High CPU on 2 nodes since sunday 14/04 17h???

winproof · Apr 17, 2024

hello all

i'm facing a very strange problem, and cannot find the cause.

on 01/04 , i've migrate my old cluster (proxmox 7) to new hardware (two DELL R250, one T430, all with 32Go ram) with proxmox 8, all fine, all my vm run smoothly.
the two R250 have OS on a ssd, and use ZFS for storage, one node with two ssd in RAID O, the other with two HDD in RAID 0, with some's vm replicated (no HA) beetween theses nodes.
the T430 have OS on a ssd and storage on a harware raid5.

sunday 14/04, I started having problems with one vm (zimbra) on a R250, suddenly it started using 200% of the guest cpu (java process eat all cpu) and became extremely slow.
i suspect a zimbra bug, but after a long time to search for something wrong, nothing.

to make a test suggested on zimbra forum regarding zfs, i've finally make a backup of this vm for transfering it on another node without zfs.
first strange things, backup extremely slow, take 3 hours for finish, previous backup (one day before) take only less than 15 minutes.
after restore on the T430, all zimbra problem disapear!

so, i've check my nodes, and i've discover than since two days (sunday 17h), all vm on the two nodes with zfs have cpu use growing! (but not enough to generate a problem, unlik with the zimbra server), see attached screens.

for example, a vm that previously used 5% cpu now uses 15%.

Code:

root@pve1-r250:~# zpool status
  pool: zfs
 state: ONLINE
  scan: scrub repaired 0B in 00:47:10 with 0 errors on Sun Apr 14 01:11:11 2024
config:

        NAME        STATE     READ WRITE CKSUM
        zfs         ONLINE       0     0     0
          sdb       ONLINE       0     0     0
          sdc       ONLINE       0     0     0

errors: No known data errors

same on the second node.
and no replication job error

bur it's the first time i use zfs, so i'm outside of my comfort zone

help?

Code:

root@pve2-r250:~# pveversion
pve-manager/8.1.4/ec5affc9e41f1d79 (running kernel: 6.5.13-1-pve)

gfngfn256 · Apr 17, 2024

ZFS can impact heavily on CPU usage.
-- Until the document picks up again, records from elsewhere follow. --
Lemma card_resolving_complement W : strong_resolving_set Z adj W -> #|Z :\: W| < 2 ^ n.-1.
Proof.
move=> resW; set I := Z :\: W.
have base_I u : u \in I -> (base u != set0) && (base u != setT).
  by case/setDP=> /base_Zstar.
have base_inj : {in I &, injective base}.
  move=> u v uI vI; apply: contra_eq => uv.
  by have /andP [] := resolving_complement_intersecting resW uI vI uv.
have setT0 : [set: 'I_n] != set0 by rewrite -card_gt0 cardsT card_ord ltnW.
(* Adding [setT] keeps the family intersecting and sharpens the bound by one. *)
have F_int : {in setT |: base @: I &, forall x y, x :&: y != set0}.
  move=> x y /setU1P [-> | /imsetP [u uI ->]] /setU1P [-> | /imsetP [v vI ->]].
  - by rewrite setIT.
  - by rewrite setTI; case/andP: (base_I v vI).
  - by rewrite setIT; case/andP: (base_I u uI).
  have [<- | uv] := eqVneq u v; first by rewrite setIid; case/andP: (base_I u uI).
  by have /andP [] := resolving_complement_intersecting resW uI vI uv.
have TnI : setT \notin base @: I.
  by apply/imsetP=> -[u /base_I /andP [_ /eqP uT] Tu]; rewrite Tu in uT.
have := card_intersecting F_int; rewrite cardsU1 TnI card_in_imset // card_ord.
rewrite -[in 2 ^ n](prednK (ltnW n_gt1)) expnS; lia.
Qed.

Lemma filter_bots_resolving t : strong_resolving_set Z adj (Z :\: filter_bots t).
Proof.
split=> [|u v uZ vZ uv]; first exact: subsetDl.
have [uW|uS] := boolP (u \in Z :\: filter_bots t).
  have [q vqu _] := Gc_walk_le2 vZ uZ.
  by exists u => //; apply: strongly_resolves_self vqu.
have [vW|vS] := boolP (v \in Z :\: filter_bots t).
  have [q uqv _] := Gc_walk_le2 uZ vZ.
  by exists v => //; apply: strongly_resolves_sym; apply: strongly_resolves_self uqv.
move: uS vS; rewrite !in_setD uZ vZ !andbT !negbK /filter_bots.
move=> /imsetP [x xF eqxu] /imsetP [y yF eqyv]; subst u v.
rewrite inE in xF; rewrite inE in yF; case/andP: xF => tx xT; case/andP: yF => ty yT.
have [xy|/(filter_bots_resolved tx ty xT yT) //] := boolP (x \subset y).
have yx : ~~ (y \subset x).
  by apply: contraNN uv => yx; rewrite (inj_eq chain_bot_inj) eqEsubset xy.
by have [w wW /strongly_resolves_sym] := filter_bots_resolved ty tx yT xT yx; exists w.
Qed.

End Diameter.
End BlowUp.

Theorem theorem3p20 (n : nat) (k : {set 'I_n} -> nat) :
  3 <= n ->
  (forall x : {set 'I_n}, x != set0 -> x != setT -> 0 < k x) ->
  is_sdim (Zstar k) (@Gc_adj n k) (#|Zstar k| - 2 ^ n.-1 + 1).
Proof.
move=> n_gt2 k_gt0; have n_gt1 : 1 < n := ltnW n_gt2.
have t : 'I_n := Ordinal (ltnW n_gt1).
have pow_n : 2 ^ n = 2 * 2 ^ n.-1 by rewrite -expnS prednK // ltnW.
have pow_ge2 : 2 <= 2 ^ n.-1 by rewrite -{1}(expn1 2) leq_exp2l //; lia.
have card_Z := card_Zstar k_gt0 n_gt1; rewrite pow_n in card_Z.
split.
- exists (Zstar k :\: filter_bots k_gt0 n_gt1 t).
  split; first exact: filter_bots_resolving.
  by rewrite cardsD (setIidPr (filter_bots_sub _ _ _)) card_filter_bots; lia.
- move=> W resW; have [WZ _] := resW.
  have := card_resolving_complement k_gt0 n_gt1 n_gt2 resW.
  by rewrite cardsD (setIidPr WZ); have := subset_leq_card WZ; lia.
Qed.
There maybe ZFS scrubs/backups/replications going on, which will further impact the CPU usage.

winproof · Apr 17, 2024

hum i can understand that zfs impact cpu use on the host, but why on the guest?

gfngfn256 · Apr 17, 2024

winproof said:
hum i can understand that zfs impact cpu use on the host, but why on the guest?

Firstly, even on a Hypervisor - Always remember It's all the same CPU.

Secondly I don't know anything about your Zimbra VM setup/config except that its also running on ZFS. So impact is inevitable. Its even possible - you have major write amplification with one FS in another one. What is the general write activity of the VM? I believe it uses DBs for a mailbox structure. Probably a high write activity + logging.

IDK much about Zimbra at all, but as far as I know its already EOL (open source).

winproof · Apr 17, 2024

ok, makes sense for a mail server, but i can see the same thing for my DC (Samba ad only, nothing more, on debian 11)
previously never more than 1%, now 9-10% ?

with absolutely no change.

gfngfn256 · Apr 17, 2024

In trying to analyze your situation:

winproof said:
sunday 14/04, I started having problems with one vm (zimbra) on a R250, suddenly it started using 200% of the guest cpu (java process eat all cpu) and became extremely slow.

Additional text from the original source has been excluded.